What about overzealous weightlifters? A widely-cited 2022 study from the Japanese sports science professor Haruki Momma found that resistance training did, in fact, reduce one’s risk of all-cause mortality, but that the maximum benefits appeared to top out at 30 to 60 minutes per week. The study cautioned that more research is needed to determine the potential benefits (or downsides) of high volume muscle-strengthening exercise. To that end, Lee told me that he had just received a grant to conduct a year-long study to compare the effects of a weekly weightlifting regimen of varying degrees of intensity–from zero to 120 minutes per week.

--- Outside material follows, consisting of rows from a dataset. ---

(* Compare the prox-point [xp] with the points [t x + (1 - t) xp] of the
   segment to [x], using convexity of [chi], strong convexity of [om] and the
   lower bound on the Bregman distance, and let [t] go to [0]. *)
Lemma prox_map_descent m (X : set 'rV[R]_m) nr om dom chi P (x y : 'rV[R]_m) gamma :
  is_norm nr -> convex_set X -> strongly_convex_on X nr om ->
  (forall z, z \in X -> has_gradient_at om dom z) ->
  convex_function X chi -> is_prox_map X om dom chi P ->
  x \in X -> 0 < gamma ->
  dotr y (P x y gamma - x) + chi (P x y gamma) - chi x
    <= - gamma^-1 * nr (P x y gamma - x) ^+ 2.
Proof.
move=> [_ _ nrZ _] cX sc om_grad chi_cvx hP xX g0.
have [pX Pmin] := hP x y gamma xX g0.
set xp := P x y gamma in pX Pmin *.
set D := nr (xp - x) ^+ 2.
have hB := bregman_ge_half_sqnorm sc (om_grad x xX) xX pX.
have ND : nr (x - xp) ^+ 2 = D.
  by rewrite -opprB -scaleN1r nrZ normrN normr1 mul1r.
set a := dotr y (xp - x); set c := dotr (dom x) (xp - x); set ig := gamma^-1.
have ig0 : 0 < ig by rewrite invr_gt0.
move: hB; rewrite /bregman -/c -/D => hB.
suff : a + chi xp - chi x + ig * D <= 0 by lra.
apply: (@le0_of_forall_le_mul _ (ig * D / 2)).
  by apply: divr_ge0 => //; apply: mulr_ge0; [exact: ltW|exact: sqr_ge0].
move=> t t0 t1.
pose T : {i01 R} := Itv01 (ltW t0) (ltW t1).
pose zt := ((x : convex_lmodType 'rV[R]_m) <| T |> (xp : convex_lmodType 'rV[R]_m)).
have ztE : (zt : 'rV[R]_m) = t *: x + (1 - t) *: xp by [].
have ztX : zt \in X by exact: cX.
have min_zt := Pmin _ ztX.
have om_zt := sc x xp t xX pX; rewrite (ltW t0) (ltW t1) ND in om_zt.
have chi_zt : chi (t *: x + (1 - t) *: xp) <= t * chi x + (1 - t) * chi xp.
  exact: (chi_cvx T x xp xX pX).
have segE : t *: x + (1 - t) *: xp - x = (1 - t) *: (xp - x).
  by apply/matrixP => i j; rewrite !mxE; ring.
move: min_zt om_zt; rewrite ztE /prox_obj /bregman segE !dotrZr -/a -/c -/ig.
move=> min_zt /(_ isT) om_zt.
set w := om (t *: x + _) in min_zt om_zt; set k := chi (t *: x + _) in min_zt chi_zt.
clearbody D a c ig w k.
have om_zt' : ig * w <= ig * (t * om x + (1 - t) * om xp - t * (1 - t) / 2 * D).
  by rewrite ler_pM2l.
have hB' : ig * (D / 2) <= ig * (om xp - om x - c) by rewrite ler_pM2l.
suff : t * (a + chi xp - chi x + ig * D) <= t * (t * (ig * D / 2)).
  by rewrite ler_pM2l.
nra.
Qed.

End ProxDescent.

Section DescentLemma.
Variable R : realType.

Lemma is_derive_quadratic (c K t : R) :
  is_derive t 1 (fun s : R => s * c + s * s * (K / 2)) (c + t * K).
Proof.
apply: is_derive_eq; rewrite !scaler0 !add0r /GRing.scale /= !mulr1.
by change (c + K / 2 * (t + t) = c + t * K); field.
Qed.

Lemma is_derive_along m (f : 'rV[R]_m -> R) g (x e : 'rV[R]_m) (t : R) :
  has_gradient_at f g (x + t *: e) ->
  is_derive t 1 (fun s : R => f (x + s *: e)) (dotr (g (x + t *: e)) e).
Proof.
move=> [df dfE].
have shiftE : (fun h : R => h^-1 *: (((fun s : R => f (x + s *: e)) \o shift t) (h *: 1)
                                    - f (x + t *: e))) =
              (fun h : R => h^-1 *: ((f \o shift (x + t *: e)) (h *: e) - f (x + t *: e))).
  apply: funext => h /=; congr (_ *: (f _ - _)).
  by apply/matrixP => i j; rewrite !mxE -[h%:A]/(h * 1) mulr1; ring.
apply: DeriveDef; first by rewrite /derivable shiftE; exact: diff_derivable.
by rewrite /derive shiftE -/(derive f (x + t *: e) e) deriveE // dfE.
Qed.

(* Mean value theorem for [s |-> f (x + s e) - s <g x, e> - s^2 K / 2] on [0, 1]. *)
Lemma descent_lemma m (f : 'rV[R]_m -> R) g (x e : 'rV[R]_m) (K : R) :
  (forall z, has_gradient_at f g z) ->
  (forall t, 0 < t -> t < 1 -> dotr (g (x + t *: e)) e - dotr (g x) e <= t * K) ->
  f (x + e) <= f x + dotr (g x) e + K / 2.
Proof.
move=> f_grad g_lip; set c := dotr (g x) e.
pose k s := f (x + s *: e) - (s * c + s * s * (K / 2)).
have k_der (t : R) : is_derive t 1 k (dotr (g (x + t *: e)) e - (c + t * K)).
  exact: (is_deriveB (is_derive_along (f_grad (x + t *: e))) (is_derive_quadratic c K t)).
have k_cont : {within `[0, 1], continuous k}.
  apply: derivable_within_continuous => t _.
  exact: (@ex_derive _ _ _ _ _ _ _ (k_der t)).
have [t] := MVT ltr01 (fun t _ => k_der t) k_cont.
rewrite in_itv /= => /andP[t0 t1].
rewrite /k scale1r scale0r addr0 subr0 mulr1 !mul1r !mul0r.
have := g_lip t t0 t1; rewrite -/c; lra.
Qed.

End DescentLemma.

Section BlockStep.
Variables (R : realType) (b : nat) (n : 'I_b -> nat).
Local Notation N := (\sum_(i < b) n i)%N.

The Difference in Benefits for Men vs. Women

Unsurprisingly, more research is also needed when it comes to assessing the relative benefits of exercise for men and women. That was the upshot of another JACC paper published this year, titled “Sex Differences in Association of Physical Activity With All-Cause and Cardiovascular Mortality.” The authors of the study examined the relationship between the exercise habits of 412,413 Americans (55 percent women) and all-cause and cardiovascular mortality from 1997 through 2019. Looking at the data for nearly 40,000 deaths in this time period, the authors of the study found that men got the greatest mortality benefit (18 percent risk reduction in all-cause mortality) from 300 minutes per week of moderate-to-vigorous physical activity (MVPA). Notably, women got a similar benefit from only 140 minutes per week of MVPA.

Sex difference was significant when it came to the specific benefits of muscle-strengthening exercises, too. Among those who regularly engaged in muscle-strengthening activities, men showed a cardiovascular risk reduction of 11 percent, while among women, the risk reduction was a whopping 30 percent.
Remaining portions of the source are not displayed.